§ RECORDS FOR THE TASK:

——

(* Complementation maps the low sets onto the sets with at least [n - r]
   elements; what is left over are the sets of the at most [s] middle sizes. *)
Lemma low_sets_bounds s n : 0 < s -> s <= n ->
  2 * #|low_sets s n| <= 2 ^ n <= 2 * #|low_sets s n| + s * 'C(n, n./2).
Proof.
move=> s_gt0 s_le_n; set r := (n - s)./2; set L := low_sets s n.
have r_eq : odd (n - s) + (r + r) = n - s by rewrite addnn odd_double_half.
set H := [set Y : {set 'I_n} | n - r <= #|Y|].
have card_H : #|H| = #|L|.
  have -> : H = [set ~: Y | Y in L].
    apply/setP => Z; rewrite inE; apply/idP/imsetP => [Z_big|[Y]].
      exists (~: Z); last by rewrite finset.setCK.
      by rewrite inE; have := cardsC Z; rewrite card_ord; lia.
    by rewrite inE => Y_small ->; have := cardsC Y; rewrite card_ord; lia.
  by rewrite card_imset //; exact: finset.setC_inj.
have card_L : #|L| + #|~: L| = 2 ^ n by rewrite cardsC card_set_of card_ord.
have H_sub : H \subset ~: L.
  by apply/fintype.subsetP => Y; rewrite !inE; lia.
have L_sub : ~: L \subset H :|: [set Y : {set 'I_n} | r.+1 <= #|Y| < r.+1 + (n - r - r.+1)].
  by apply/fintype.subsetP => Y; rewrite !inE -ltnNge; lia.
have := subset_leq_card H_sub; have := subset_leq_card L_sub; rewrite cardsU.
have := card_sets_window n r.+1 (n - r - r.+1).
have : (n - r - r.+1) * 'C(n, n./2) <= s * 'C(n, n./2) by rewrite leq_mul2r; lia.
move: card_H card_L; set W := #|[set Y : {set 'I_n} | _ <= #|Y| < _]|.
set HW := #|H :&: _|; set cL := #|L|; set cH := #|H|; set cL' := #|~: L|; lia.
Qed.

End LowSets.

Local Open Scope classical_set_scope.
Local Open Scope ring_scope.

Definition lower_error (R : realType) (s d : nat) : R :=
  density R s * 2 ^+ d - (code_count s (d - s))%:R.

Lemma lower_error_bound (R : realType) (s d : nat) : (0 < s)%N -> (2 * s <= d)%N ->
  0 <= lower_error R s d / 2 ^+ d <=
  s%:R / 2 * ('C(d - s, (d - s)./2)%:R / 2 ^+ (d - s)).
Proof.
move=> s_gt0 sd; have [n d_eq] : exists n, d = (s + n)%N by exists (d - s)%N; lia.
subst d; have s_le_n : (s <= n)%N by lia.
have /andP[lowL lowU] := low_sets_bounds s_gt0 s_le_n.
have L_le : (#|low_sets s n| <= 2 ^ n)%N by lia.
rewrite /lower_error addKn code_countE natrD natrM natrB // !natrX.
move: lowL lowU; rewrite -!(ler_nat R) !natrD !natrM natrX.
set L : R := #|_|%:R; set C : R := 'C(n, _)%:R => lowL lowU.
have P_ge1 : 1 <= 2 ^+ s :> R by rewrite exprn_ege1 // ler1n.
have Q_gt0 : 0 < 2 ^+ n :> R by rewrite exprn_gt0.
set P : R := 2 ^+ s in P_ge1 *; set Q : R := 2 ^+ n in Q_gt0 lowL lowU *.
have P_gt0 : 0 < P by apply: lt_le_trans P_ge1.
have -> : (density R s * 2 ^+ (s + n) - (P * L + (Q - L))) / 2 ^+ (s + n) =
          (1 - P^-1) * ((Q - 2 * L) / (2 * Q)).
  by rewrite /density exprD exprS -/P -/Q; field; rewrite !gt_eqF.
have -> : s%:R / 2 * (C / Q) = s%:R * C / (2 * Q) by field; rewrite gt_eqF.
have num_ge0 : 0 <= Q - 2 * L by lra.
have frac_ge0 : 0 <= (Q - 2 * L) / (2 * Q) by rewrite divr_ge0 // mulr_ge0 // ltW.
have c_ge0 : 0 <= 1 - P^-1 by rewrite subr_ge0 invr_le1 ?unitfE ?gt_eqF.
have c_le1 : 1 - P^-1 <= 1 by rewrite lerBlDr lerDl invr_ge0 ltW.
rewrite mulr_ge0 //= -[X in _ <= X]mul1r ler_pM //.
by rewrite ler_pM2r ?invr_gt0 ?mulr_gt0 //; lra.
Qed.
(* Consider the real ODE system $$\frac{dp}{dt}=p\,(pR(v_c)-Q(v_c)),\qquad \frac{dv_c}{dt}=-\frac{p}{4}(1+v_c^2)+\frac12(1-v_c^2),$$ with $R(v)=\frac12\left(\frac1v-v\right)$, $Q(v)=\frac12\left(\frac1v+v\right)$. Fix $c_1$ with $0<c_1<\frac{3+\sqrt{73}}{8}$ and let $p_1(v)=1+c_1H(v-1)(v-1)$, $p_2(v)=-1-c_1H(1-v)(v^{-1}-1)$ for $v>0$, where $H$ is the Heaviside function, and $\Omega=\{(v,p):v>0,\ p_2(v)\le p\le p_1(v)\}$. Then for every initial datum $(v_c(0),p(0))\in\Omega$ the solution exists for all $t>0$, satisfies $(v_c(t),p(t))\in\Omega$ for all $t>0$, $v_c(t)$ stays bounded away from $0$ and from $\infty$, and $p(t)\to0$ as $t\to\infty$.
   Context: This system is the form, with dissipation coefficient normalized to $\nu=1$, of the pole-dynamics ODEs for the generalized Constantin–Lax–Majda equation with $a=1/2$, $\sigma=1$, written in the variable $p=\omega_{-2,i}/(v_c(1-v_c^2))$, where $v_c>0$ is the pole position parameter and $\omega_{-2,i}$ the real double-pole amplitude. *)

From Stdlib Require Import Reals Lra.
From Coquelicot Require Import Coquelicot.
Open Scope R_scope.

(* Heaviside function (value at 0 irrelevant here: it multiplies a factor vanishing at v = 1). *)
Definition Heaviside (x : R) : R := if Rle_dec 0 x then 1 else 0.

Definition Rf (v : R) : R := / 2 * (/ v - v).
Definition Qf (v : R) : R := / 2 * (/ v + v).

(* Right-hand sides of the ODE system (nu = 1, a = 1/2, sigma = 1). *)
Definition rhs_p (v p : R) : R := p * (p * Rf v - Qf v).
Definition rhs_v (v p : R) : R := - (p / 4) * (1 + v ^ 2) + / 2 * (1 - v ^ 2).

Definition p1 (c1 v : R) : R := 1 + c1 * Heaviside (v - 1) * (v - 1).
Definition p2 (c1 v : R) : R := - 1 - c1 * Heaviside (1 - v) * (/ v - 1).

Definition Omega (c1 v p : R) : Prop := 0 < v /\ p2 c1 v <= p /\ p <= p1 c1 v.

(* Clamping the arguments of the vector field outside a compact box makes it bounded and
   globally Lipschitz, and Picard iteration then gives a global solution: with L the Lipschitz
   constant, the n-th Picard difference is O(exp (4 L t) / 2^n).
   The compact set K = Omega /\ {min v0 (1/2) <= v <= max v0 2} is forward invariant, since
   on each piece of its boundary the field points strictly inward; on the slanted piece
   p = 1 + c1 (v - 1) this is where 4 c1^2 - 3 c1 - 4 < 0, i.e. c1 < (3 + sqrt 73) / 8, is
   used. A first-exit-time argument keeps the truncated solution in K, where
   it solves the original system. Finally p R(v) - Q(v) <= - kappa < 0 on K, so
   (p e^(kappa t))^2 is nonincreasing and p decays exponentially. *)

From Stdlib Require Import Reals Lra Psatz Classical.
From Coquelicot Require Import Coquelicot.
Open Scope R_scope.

——

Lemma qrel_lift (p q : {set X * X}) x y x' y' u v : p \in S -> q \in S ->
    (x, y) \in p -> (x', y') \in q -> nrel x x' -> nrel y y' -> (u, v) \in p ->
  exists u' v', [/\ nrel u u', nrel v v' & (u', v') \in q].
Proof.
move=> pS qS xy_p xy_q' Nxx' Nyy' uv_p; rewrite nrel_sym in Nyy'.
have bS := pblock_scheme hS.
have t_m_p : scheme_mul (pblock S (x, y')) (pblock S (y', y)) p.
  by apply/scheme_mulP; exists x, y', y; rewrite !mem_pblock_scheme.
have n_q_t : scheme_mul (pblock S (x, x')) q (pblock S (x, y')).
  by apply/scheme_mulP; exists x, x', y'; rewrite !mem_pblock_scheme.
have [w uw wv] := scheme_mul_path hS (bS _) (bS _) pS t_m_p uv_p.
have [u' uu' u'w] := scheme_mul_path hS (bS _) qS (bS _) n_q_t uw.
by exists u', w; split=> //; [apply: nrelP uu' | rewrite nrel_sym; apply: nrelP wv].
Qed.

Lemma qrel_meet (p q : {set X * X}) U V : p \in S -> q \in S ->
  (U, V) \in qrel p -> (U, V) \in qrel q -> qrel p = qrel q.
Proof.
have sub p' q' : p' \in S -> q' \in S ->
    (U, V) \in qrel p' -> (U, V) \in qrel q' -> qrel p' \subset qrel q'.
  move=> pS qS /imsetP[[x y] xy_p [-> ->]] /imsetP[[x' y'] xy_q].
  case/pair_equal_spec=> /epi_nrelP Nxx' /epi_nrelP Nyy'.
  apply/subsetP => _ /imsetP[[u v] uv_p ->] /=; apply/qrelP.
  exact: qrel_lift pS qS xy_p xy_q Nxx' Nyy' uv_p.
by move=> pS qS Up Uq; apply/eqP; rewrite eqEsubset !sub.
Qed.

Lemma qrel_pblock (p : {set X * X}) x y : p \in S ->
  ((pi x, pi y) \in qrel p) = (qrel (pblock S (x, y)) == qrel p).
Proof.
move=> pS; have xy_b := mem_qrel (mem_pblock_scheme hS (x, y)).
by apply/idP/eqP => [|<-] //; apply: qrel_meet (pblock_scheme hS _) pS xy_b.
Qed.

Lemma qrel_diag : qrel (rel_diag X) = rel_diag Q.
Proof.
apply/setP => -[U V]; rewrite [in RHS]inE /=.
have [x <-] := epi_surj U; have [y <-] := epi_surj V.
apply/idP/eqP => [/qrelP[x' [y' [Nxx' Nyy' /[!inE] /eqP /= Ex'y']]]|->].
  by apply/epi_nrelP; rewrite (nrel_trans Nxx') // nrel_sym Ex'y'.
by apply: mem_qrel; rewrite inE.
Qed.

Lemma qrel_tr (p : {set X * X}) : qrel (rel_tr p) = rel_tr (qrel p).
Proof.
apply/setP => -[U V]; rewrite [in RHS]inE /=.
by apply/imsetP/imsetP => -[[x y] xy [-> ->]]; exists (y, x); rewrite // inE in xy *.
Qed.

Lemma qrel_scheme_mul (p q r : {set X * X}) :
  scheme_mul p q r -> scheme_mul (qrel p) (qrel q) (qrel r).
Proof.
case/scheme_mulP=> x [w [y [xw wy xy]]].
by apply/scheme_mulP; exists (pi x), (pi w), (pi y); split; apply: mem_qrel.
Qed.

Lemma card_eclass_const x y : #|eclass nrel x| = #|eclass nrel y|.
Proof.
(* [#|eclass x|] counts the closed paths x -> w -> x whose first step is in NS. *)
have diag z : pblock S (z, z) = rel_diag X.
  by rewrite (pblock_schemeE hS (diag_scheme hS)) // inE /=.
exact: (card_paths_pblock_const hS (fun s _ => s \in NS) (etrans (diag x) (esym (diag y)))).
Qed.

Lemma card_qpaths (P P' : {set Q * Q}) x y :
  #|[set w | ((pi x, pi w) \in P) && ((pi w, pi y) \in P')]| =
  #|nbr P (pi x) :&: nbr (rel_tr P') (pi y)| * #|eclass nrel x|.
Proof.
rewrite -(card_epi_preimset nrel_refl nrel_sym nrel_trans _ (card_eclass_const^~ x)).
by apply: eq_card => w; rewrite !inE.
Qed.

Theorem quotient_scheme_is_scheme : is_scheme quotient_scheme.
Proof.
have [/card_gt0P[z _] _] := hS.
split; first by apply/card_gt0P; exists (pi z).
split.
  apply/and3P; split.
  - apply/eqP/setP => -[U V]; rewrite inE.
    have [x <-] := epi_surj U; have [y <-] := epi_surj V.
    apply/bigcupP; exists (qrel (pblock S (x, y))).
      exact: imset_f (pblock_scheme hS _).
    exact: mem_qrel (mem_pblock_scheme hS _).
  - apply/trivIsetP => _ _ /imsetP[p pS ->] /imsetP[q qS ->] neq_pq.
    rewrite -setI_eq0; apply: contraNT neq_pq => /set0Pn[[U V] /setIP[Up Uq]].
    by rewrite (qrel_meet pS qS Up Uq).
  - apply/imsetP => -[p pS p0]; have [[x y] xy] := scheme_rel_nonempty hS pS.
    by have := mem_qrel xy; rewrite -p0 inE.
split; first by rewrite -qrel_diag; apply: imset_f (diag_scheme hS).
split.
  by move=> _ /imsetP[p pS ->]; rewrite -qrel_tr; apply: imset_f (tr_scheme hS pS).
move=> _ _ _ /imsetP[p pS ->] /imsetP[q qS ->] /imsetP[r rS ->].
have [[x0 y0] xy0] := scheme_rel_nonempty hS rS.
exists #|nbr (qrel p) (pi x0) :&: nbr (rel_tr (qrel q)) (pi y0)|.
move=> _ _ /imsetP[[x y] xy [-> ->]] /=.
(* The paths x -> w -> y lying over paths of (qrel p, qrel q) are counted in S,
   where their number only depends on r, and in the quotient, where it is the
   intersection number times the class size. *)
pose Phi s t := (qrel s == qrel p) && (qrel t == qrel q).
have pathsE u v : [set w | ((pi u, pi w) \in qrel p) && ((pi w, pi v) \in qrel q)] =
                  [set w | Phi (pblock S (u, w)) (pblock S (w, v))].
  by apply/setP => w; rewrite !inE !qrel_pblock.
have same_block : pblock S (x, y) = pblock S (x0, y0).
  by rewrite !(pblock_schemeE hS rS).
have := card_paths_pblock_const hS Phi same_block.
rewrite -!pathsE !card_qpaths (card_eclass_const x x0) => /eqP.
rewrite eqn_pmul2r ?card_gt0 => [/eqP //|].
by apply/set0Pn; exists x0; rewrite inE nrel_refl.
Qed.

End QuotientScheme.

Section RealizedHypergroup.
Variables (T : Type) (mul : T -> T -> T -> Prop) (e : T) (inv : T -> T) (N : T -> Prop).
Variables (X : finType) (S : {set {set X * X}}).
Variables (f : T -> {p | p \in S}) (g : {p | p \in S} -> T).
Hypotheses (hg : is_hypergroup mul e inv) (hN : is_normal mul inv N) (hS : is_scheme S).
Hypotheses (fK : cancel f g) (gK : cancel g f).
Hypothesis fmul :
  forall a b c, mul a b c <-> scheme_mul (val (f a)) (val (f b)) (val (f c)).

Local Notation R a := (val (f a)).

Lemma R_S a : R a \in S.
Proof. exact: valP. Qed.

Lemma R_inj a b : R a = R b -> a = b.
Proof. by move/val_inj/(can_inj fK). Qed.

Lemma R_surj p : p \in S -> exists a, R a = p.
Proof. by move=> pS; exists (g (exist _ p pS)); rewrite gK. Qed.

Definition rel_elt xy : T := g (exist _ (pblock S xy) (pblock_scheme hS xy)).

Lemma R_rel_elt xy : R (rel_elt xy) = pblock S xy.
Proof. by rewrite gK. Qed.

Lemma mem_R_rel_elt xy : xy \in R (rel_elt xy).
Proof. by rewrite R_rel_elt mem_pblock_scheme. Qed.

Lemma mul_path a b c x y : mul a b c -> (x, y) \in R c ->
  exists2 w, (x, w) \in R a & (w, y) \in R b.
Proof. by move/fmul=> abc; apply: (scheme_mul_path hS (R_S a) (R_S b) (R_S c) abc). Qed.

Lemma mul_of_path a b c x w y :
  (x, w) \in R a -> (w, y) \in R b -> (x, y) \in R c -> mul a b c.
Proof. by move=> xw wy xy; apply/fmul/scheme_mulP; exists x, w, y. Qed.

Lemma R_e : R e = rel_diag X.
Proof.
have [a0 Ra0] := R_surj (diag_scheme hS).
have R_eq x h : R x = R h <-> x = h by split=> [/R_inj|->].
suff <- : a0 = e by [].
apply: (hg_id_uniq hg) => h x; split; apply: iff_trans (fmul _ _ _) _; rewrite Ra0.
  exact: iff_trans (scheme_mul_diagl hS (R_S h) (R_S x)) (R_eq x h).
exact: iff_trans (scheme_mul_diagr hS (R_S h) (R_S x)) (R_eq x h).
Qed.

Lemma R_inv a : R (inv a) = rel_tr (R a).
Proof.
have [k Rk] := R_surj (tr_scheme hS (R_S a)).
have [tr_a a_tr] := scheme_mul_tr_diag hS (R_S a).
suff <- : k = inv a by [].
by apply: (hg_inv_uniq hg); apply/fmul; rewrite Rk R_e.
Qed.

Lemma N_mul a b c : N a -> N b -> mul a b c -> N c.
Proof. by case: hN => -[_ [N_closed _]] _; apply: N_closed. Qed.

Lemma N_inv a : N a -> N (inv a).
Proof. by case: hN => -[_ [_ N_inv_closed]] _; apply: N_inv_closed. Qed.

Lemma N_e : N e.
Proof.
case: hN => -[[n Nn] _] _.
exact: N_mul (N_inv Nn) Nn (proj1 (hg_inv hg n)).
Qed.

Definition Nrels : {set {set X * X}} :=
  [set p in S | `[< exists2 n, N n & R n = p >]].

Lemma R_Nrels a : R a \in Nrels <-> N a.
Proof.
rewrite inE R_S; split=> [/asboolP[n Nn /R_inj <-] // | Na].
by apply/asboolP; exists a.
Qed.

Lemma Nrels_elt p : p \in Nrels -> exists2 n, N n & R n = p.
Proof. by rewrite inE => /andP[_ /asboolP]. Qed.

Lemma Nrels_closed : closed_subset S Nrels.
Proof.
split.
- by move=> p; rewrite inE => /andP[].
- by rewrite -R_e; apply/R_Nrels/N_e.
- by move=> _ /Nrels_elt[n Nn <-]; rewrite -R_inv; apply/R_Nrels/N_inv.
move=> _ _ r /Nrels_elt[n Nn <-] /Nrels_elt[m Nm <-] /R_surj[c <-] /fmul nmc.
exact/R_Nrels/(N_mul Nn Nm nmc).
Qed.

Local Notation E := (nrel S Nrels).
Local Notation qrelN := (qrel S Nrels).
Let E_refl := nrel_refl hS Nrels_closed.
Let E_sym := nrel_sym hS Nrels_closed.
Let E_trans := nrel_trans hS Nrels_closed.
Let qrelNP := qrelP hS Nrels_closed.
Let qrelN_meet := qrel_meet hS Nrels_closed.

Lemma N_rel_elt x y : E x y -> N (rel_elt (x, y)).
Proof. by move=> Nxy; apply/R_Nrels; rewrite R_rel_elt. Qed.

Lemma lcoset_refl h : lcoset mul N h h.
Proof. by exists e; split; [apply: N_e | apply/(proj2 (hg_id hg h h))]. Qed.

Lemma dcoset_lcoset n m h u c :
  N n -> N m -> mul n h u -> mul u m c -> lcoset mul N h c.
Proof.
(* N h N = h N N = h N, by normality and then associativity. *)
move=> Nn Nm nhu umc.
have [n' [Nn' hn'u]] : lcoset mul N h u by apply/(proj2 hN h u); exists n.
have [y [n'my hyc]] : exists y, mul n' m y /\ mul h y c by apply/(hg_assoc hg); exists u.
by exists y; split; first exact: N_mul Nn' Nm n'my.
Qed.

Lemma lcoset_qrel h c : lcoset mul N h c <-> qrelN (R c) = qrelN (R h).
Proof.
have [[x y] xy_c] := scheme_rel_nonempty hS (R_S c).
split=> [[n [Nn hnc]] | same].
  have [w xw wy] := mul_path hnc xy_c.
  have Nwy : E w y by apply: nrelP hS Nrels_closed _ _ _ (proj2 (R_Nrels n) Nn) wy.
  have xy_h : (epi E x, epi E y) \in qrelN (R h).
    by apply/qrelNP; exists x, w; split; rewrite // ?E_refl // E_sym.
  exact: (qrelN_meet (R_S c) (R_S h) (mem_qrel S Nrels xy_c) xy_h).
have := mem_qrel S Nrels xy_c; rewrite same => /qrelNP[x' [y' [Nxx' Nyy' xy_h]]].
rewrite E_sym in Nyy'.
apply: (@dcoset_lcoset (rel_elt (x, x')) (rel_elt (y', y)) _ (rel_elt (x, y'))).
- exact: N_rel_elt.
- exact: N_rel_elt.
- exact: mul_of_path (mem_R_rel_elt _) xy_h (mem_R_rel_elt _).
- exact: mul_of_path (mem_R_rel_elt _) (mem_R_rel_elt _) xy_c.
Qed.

——

§ TO DO: Copy out each line of the entries where the word "asboolP" is found.

§ OUTPUT FOR THIS TASK:
rewrite inE R_S; split=> [/asboolP[n Nn /R_inj <-] // | Na].
by apply/asboolP; exists a.
Proof. by rewrite inE => /andP[_ /asboolP]. Qed.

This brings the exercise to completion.